*WORK REQUIRED*. Lines in the listing below containing the string "Rexp" are to be identified and copied.
[Start of Attachment]
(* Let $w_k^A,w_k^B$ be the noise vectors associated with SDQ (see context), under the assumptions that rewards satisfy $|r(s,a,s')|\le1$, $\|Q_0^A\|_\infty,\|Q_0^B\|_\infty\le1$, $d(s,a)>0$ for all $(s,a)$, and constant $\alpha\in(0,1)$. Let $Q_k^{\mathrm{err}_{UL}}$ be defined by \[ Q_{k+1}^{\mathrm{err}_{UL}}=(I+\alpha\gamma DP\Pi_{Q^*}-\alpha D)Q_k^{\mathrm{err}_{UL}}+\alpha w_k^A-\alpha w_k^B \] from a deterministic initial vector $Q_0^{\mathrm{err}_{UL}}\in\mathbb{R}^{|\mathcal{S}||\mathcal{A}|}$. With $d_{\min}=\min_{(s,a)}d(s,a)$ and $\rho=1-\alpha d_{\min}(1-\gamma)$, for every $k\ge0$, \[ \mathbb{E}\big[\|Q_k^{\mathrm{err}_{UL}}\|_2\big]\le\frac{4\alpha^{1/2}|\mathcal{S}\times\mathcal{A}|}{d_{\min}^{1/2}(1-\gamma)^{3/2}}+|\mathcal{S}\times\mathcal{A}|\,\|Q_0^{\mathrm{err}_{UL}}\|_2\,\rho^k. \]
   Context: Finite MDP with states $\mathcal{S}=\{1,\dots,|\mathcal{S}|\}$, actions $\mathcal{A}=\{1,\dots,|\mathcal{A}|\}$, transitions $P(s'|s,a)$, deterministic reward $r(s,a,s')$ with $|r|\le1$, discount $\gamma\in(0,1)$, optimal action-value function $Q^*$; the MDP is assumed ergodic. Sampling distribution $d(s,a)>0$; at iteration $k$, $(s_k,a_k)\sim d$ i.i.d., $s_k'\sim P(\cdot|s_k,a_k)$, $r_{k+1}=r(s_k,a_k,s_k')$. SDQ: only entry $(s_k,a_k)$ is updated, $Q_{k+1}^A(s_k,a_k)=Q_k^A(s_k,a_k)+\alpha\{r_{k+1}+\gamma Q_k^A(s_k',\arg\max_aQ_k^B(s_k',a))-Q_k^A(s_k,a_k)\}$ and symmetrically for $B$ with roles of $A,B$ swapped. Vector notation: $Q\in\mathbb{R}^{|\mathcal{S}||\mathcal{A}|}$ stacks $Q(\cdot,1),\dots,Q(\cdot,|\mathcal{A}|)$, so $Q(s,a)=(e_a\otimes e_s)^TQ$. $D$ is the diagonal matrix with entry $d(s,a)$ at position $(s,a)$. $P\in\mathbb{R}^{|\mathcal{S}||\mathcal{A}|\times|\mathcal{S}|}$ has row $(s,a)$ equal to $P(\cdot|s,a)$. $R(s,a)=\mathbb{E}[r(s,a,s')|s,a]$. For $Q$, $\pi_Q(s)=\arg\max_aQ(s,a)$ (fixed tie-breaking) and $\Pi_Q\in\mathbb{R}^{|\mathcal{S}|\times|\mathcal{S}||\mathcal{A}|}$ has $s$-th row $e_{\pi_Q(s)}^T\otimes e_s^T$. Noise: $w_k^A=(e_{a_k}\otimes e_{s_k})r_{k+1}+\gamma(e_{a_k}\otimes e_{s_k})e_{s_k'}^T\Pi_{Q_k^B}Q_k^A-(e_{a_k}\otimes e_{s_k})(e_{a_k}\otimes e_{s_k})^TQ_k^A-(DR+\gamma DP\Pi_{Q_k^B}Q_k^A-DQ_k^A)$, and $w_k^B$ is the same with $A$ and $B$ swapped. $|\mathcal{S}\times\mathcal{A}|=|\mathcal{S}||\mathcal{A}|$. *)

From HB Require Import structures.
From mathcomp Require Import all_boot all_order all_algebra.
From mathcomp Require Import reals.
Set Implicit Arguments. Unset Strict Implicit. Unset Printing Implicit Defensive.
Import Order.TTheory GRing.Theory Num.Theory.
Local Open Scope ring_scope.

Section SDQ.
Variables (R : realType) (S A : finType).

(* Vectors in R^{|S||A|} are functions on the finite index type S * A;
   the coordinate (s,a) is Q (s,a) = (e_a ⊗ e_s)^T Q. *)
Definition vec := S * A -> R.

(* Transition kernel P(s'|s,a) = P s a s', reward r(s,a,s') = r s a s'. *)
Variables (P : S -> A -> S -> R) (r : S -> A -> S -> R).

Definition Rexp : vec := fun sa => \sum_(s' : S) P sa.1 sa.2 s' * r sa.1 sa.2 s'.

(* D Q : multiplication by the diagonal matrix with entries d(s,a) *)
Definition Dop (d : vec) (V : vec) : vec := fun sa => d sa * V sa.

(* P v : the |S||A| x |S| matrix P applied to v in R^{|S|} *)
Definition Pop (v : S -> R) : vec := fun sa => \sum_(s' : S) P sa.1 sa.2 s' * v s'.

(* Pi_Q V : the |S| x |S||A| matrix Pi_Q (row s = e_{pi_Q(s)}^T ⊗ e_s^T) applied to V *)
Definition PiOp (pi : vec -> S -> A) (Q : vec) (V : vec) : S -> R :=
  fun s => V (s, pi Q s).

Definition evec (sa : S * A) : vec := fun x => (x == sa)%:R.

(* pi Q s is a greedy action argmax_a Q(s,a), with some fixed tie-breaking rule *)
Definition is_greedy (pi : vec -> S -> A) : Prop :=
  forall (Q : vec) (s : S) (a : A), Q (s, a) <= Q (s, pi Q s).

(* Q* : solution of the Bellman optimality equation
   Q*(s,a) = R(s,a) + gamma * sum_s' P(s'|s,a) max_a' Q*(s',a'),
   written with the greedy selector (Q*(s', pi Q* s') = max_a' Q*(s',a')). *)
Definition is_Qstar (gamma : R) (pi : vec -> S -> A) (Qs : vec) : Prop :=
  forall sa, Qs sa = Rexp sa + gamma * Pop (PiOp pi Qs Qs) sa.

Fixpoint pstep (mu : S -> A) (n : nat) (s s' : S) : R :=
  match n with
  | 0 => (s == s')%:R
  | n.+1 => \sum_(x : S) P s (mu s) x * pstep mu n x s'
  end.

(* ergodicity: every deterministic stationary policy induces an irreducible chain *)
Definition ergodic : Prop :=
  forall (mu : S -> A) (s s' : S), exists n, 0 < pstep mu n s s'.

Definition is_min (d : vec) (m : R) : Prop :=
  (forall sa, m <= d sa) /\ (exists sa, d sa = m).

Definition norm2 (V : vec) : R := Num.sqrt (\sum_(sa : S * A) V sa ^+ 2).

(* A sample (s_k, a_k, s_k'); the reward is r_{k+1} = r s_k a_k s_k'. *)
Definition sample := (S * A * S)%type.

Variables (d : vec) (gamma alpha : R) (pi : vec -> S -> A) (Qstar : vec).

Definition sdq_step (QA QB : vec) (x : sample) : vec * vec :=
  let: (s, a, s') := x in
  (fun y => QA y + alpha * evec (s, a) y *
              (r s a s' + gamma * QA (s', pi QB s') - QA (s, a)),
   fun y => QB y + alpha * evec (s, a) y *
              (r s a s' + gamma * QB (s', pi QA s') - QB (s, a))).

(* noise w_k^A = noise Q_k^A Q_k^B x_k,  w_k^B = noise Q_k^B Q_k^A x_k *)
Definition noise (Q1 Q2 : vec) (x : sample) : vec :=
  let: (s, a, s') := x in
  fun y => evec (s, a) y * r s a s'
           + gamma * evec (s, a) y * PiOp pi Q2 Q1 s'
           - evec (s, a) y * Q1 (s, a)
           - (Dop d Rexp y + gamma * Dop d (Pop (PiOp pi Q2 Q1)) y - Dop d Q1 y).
[End of Attachment]
[Start of Attachment]
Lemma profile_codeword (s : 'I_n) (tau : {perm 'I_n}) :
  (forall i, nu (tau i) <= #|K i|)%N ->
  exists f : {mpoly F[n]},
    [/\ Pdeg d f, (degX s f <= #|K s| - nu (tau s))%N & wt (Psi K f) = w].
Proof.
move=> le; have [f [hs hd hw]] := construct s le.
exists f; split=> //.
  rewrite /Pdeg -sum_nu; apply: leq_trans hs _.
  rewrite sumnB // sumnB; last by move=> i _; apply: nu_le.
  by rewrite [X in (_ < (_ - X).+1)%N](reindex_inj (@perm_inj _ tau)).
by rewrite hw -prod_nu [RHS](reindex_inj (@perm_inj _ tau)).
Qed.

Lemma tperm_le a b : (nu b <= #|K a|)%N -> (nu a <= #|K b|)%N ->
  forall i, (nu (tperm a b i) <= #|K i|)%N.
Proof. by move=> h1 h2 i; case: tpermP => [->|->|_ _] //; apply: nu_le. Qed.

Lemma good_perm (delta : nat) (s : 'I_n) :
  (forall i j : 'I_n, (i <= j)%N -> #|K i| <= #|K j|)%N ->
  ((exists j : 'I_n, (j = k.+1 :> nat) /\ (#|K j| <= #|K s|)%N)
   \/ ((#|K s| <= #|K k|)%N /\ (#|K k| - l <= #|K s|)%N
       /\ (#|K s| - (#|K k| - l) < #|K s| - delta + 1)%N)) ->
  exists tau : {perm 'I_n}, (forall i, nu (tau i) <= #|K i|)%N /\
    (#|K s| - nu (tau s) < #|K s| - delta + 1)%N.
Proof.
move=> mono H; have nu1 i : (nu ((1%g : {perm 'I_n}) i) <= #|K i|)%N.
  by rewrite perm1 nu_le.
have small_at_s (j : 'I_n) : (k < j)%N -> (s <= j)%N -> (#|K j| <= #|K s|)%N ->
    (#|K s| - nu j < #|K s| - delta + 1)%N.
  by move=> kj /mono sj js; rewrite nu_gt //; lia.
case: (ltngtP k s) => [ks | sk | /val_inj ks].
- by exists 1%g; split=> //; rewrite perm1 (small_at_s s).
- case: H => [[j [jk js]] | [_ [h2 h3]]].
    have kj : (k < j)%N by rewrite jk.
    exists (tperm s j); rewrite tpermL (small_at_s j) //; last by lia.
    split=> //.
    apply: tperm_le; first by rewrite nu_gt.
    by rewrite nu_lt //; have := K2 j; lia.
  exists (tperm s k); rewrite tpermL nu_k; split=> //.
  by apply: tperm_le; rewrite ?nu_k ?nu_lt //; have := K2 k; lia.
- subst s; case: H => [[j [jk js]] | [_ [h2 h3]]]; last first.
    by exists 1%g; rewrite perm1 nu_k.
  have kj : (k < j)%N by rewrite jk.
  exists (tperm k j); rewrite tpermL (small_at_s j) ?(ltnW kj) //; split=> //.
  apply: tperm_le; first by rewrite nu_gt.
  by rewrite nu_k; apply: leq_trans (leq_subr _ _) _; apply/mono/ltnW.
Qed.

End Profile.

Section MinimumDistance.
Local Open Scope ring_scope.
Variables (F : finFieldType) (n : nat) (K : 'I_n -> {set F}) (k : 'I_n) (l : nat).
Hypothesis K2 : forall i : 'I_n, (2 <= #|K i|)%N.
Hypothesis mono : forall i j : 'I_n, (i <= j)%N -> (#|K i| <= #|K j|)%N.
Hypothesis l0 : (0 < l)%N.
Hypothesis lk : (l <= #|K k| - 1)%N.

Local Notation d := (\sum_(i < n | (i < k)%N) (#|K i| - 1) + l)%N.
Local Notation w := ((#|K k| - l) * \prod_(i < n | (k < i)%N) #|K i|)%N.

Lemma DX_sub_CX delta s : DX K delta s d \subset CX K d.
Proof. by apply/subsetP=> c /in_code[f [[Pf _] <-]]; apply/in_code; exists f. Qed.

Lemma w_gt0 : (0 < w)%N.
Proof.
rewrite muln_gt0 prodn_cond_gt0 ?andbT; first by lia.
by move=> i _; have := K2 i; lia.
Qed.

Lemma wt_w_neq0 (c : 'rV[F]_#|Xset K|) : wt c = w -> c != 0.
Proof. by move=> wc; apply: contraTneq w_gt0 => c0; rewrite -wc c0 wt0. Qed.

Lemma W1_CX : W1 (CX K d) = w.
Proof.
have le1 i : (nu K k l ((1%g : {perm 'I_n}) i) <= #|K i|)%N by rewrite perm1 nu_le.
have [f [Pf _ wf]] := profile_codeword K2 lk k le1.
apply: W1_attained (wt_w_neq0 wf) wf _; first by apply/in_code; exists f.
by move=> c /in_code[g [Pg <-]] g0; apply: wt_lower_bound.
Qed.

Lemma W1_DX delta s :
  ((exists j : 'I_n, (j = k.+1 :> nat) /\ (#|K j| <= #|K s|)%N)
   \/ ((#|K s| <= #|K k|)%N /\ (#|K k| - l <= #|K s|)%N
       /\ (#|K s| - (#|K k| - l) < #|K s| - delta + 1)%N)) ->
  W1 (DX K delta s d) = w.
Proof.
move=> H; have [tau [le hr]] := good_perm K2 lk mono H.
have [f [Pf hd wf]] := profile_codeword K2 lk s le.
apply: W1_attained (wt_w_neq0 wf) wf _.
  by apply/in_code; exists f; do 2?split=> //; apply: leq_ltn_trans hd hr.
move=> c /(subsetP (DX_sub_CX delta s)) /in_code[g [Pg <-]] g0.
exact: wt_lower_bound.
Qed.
[End of Attachment]
[Start of Attachment]
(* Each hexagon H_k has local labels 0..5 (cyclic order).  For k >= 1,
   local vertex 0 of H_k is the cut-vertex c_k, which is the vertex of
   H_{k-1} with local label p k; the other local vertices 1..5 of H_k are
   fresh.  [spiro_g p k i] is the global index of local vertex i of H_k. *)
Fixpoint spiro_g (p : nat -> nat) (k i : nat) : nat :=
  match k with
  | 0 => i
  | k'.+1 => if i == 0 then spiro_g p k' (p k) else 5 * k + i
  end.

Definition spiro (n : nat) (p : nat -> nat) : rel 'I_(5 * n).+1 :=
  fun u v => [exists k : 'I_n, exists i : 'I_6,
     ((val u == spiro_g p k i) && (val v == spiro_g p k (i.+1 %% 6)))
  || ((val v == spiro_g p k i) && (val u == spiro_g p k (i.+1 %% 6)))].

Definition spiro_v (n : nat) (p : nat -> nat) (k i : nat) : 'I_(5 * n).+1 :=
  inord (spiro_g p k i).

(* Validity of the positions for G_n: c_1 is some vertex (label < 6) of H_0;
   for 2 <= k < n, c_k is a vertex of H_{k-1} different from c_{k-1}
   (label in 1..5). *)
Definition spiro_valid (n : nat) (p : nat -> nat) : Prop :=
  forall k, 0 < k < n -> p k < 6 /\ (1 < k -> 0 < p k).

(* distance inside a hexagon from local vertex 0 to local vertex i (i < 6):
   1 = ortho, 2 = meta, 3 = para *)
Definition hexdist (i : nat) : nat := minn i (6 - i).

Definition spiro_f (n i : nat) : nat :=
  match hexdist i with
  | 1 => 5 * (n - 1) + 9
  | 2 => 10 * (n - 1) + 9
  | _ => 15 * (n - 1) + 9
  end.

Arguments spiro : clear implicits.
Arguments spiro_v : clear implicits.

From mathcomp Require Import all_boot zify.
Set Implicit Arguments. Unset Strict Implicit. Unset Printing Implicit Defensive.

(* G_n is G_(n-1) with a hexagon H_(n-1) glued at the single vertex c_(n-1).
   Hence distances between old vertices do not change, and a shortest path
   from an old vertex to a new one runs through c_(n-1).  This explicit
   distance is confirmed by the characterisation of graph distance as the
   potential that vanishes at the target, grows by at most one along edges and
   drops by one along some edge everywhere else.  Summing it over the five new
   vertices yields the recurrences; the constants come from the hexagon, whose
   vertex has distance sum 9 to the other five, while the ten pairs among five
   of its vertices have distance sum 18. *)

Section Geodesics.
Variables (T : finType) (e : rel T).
[End of Attachment]
*SOLVED EXERCISE*.
Definition Rexp : vec := fun sa => \sum_(s' : S) P sa.1 sa.2 s' * r sa.1 sa.2 s'.
  forall sa, Qs sa = Rexp sa + gamma * Pop (PiOp pi Qs Qs) sa.
           - (Dop d Rexp y + gamma * Dop d (Pop (PiOp pi Q2 Q1)) y - Dop d Q1 y).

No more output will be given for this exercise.